_Exercise directions_.
Within the entries below, find the portion that opens with the line containing "intros T HL." and closes with the line containing "(* Write x = m". Retype that portion exactly and only.
————————
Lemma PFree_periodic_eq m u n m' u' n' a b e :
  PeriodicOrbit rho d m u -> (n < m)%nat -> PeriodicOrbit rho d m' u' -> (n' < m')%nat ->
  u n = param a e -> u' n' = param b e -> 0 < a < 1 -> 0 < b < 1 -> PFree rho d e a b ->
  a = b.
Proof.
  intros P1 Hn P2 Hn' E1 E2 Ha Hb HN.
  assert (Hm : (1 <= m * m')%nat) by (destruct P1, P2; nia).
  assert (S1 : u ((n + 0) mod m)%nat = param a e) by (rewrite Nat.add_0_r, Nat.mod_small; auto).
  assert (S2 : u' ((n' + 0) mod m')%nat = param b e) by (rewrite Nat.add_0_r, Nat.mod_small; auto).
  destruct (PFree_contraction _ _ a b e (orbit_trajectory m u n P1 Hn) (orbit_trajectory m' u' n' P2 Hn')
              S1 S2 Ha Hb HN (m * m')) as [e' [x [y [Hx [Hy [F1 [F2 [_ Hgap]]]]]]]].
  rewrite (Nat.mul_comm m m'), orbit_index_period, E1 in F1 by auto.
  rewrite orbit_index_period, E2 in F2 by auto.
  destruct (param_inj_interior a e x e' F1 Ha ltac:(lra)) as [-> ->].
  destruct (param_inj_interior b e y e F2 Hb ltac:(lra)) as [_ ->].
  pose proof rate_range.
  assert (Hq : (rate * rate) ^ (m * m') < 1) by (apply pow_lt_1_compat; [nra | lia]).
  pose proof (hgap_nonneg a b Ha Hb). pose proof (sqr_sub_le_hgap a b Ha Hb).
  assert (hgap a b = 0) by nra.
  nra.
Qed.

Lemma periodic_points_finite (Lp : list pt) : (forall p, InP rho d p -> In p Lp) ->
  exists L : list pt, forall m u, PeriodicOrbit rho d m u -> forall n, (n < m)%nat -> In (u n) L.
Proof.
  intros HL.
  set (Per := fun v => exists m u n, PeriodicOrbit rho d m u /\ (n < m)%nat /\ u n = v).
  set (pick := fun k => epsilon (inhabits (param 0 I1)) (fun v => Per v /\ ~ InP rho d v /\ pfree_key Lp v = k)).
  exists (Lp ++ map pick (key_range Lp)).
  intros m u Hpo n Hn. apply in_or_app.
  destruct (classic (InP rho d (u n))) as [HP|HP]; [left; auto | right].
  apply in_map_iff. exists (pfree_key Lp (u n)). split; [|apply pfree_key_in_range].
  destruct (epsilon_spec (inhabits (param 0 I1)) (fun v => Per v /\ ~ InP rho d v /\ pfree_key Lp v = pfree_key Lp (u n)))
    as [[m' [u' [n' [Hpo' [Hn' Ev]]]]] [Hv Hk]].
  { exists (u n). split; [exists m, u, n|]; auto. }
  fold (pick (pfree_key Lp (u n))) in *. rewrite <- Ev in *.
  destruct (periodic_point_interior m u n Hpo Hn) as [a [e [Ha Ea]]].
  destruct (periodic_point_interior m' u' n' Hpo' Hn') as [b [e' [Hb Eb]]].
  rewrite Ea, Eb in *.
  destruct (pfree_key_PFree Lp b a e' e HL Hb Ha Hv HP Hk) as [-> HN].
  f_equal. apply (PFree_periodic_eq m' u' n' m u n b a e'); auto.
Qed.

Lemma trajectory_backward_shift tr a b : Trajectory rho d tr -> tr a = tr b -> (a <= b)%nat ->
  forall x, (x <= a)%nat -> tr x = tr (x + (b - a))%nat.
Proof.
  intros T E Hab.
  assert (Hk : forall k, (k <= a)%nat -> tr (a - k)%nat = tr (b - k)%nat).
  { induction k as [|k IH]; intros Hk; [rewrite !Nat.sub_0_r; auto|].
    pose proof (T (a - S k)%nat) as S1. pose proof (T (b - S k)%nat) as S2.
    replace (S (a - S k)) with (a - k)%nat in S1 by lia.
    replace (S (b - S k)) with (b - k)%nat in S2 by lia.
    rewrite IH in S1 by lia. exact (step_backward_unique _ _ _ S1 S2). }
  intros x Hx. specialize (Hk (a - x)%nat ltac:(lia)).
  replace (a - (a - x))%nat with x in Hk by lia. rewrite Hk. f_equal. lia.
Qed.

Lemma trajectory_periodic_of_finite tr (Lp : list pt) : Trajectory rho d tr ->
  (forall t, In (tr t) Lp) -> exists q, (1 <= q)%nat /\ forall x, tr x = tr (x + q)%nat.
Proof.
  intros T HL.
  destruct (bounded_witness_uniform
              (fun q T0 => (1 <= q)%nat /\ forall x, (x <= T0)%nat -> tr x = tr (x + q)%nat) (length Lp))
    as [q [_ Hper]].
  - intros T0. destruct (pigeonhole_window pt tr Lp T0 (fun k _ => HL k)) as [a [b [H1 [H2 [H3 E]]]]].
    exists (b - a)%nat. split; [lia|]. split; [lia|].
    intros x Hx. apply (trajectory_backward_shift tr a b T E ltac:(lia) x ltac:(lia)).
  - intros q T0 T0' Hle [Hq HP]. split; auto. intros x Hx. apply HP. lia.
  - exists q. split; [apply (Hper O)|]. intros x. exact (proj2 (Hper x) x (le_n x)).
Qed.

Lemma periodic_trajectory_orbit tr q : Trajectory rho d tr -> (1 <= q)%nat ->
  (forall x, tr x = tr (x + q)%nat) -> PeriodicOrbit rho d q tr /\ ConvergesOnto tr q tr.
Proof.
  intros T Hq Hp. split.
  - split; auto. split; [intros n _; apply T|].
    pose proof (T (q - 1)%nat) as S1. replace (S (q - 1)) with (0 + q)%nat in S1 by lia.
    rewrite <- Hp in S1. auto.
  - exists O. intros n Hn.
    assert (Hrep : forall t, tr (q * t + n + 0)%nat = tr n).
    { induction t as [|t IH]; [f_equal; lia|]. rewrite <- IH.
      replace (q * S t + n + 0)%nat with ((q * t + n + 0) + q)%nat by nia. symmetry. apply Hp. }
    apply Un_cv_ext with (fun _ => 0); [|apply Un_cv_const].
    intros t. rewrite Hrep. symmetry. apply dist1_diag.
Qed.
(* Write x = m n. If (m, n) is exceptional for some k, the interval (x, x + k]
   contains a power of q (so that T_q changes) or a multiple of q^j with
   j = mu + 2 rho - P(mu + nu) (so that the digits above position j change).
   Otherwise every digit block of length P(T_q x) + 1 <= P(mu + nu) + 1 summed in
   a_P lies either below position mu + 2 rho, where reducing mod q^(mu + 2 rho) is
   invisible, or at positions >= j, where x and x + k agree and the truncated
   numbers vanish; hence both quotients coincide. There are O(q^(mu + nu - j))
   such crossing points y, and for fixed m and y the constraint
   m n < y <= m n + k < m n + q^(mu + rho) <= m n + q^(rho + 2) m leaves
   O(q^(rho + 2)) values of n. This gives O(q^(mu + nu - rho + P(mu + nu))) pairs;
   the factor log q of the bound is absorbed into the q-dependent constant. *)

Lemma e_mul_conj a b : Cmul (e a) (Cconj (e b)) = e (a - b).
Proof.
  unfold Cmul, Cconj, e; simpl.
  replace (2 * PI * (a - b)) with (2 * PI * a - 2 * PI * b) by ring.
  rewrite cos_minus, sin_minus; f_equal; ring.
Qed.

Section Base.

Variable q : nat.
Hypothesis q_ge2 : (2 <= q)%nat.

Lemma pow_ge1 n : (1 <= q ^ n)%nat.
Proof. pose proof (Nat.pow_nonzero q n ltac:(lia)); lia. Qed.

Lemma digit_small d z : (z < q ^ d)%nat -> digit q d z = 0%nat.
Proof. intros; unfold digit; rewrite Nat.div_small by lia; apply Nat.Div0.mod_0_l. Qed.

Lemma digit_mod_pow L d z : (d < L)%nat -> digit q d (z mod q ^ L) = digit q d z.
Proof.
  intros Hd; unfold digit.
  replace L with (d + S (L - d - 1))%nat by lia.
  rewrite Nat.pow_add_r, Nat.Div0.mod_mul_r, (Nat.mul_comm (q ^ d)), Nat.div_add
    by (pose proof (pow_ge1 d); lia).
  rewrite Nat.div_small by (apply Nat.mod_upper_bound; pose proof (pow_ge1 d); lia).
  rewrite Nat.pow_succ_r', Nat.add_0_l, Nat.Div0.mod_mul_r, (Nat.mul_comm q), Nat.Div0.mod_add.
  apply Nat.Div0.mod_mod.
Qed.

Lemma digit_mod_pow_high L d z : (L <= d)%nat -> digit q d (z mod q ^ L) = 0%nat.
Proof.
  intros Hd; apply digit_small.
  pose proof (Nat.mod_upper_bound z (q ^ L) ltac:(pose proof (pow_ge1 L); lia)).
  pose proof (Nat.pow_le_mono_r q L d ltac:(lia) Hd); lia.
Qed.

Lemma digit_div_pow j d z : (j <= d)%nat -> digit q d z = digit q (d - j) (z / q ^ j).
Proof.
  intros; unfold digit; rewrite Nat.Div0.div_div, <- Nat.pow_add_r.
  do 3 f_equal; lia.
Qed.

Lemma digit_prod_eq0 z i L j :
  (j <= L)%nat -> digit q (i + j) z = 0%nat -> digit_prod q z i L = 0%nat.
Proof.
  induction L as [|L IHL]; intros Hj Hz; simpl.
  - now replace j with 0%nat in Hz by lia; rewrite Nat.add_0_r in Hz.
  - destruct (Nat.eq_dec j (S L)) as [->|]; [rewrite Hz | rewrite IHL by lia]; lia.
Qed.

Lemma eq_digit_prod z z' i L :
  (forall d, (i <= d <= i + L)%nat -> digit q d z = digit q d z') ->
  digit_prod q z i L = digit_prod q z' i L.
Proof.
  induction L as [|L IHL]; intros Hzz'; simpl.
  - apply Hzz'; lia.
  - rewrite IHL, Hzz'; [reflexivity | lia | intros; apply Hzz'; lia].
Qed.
————————
_Reply_.
  intros T HL.
  destruct (bounded_witness_uniform
              (fun q T0 => (1 <= q)%nat /\ forall x, (x <= T0)%nat -> tr x = tr (x + q)%nat) (length Lp))
    as [q [_ Hper]].
  - intros T0. destruct (pigeonhole_window pt tr Lp T0 (fun k _ => HL k)) as [a [b [H1 [H2 [H3 E]]]]].
    exists (b - a)%nat. split; [lia|]. split; [lia|].
    intros x Hx. apply (trajectory_backward_shift tr a b T E ltac:(lia) x ltac:(lia)).
  - intros q T0 T0' Hle [Hq HP]. split; auto. intros x Hx. apply HP. lia.
  - exists q. split; [apply (Hper O)|]. intros x. exact (proj2 (Hper x) x (le_n x)).
Qed.

Lemma periodic_trajectory_orbit tr q : Trajectory rho d tr -> (1 <= q)%nat ->
  (forall x, tr x = tr (x + q)%nat) -> PeriodicOrbit rho d q tr /\ ConvergesOnto tr q tr.
Proof.
  intros T Hq Hp. split.
  - split; auto. split; [intros n _; apply T|].
    pose proof (T (q - 1)%nat) as S1. replace (S (q - 1)) with (0 + q)%nat in S1 by lia.
    rewrite <- Hp in S1. auto.
  - exists O. intros n Hn.
    assert (Hrep : forall t, tr (q * t + n + 0)%nat = tr n).
    { induction t as [|t IH]; [f_equal; lia|]. rewrite <- IH.
      replace (q * S t + n + 0)%nat with ((q * t + n + 0) + q)%nat by nia. symmetry. apply Hp. }
    apply Un_cv_ext with (fun _ => 0); [|apply Un_cv_const].
    intros t. rewrite Hrep. symmetry. apply dist1_diag.
Qed.
(* Write x = m n. If (m, n) is exceptional for some k, the interval (x, x + k]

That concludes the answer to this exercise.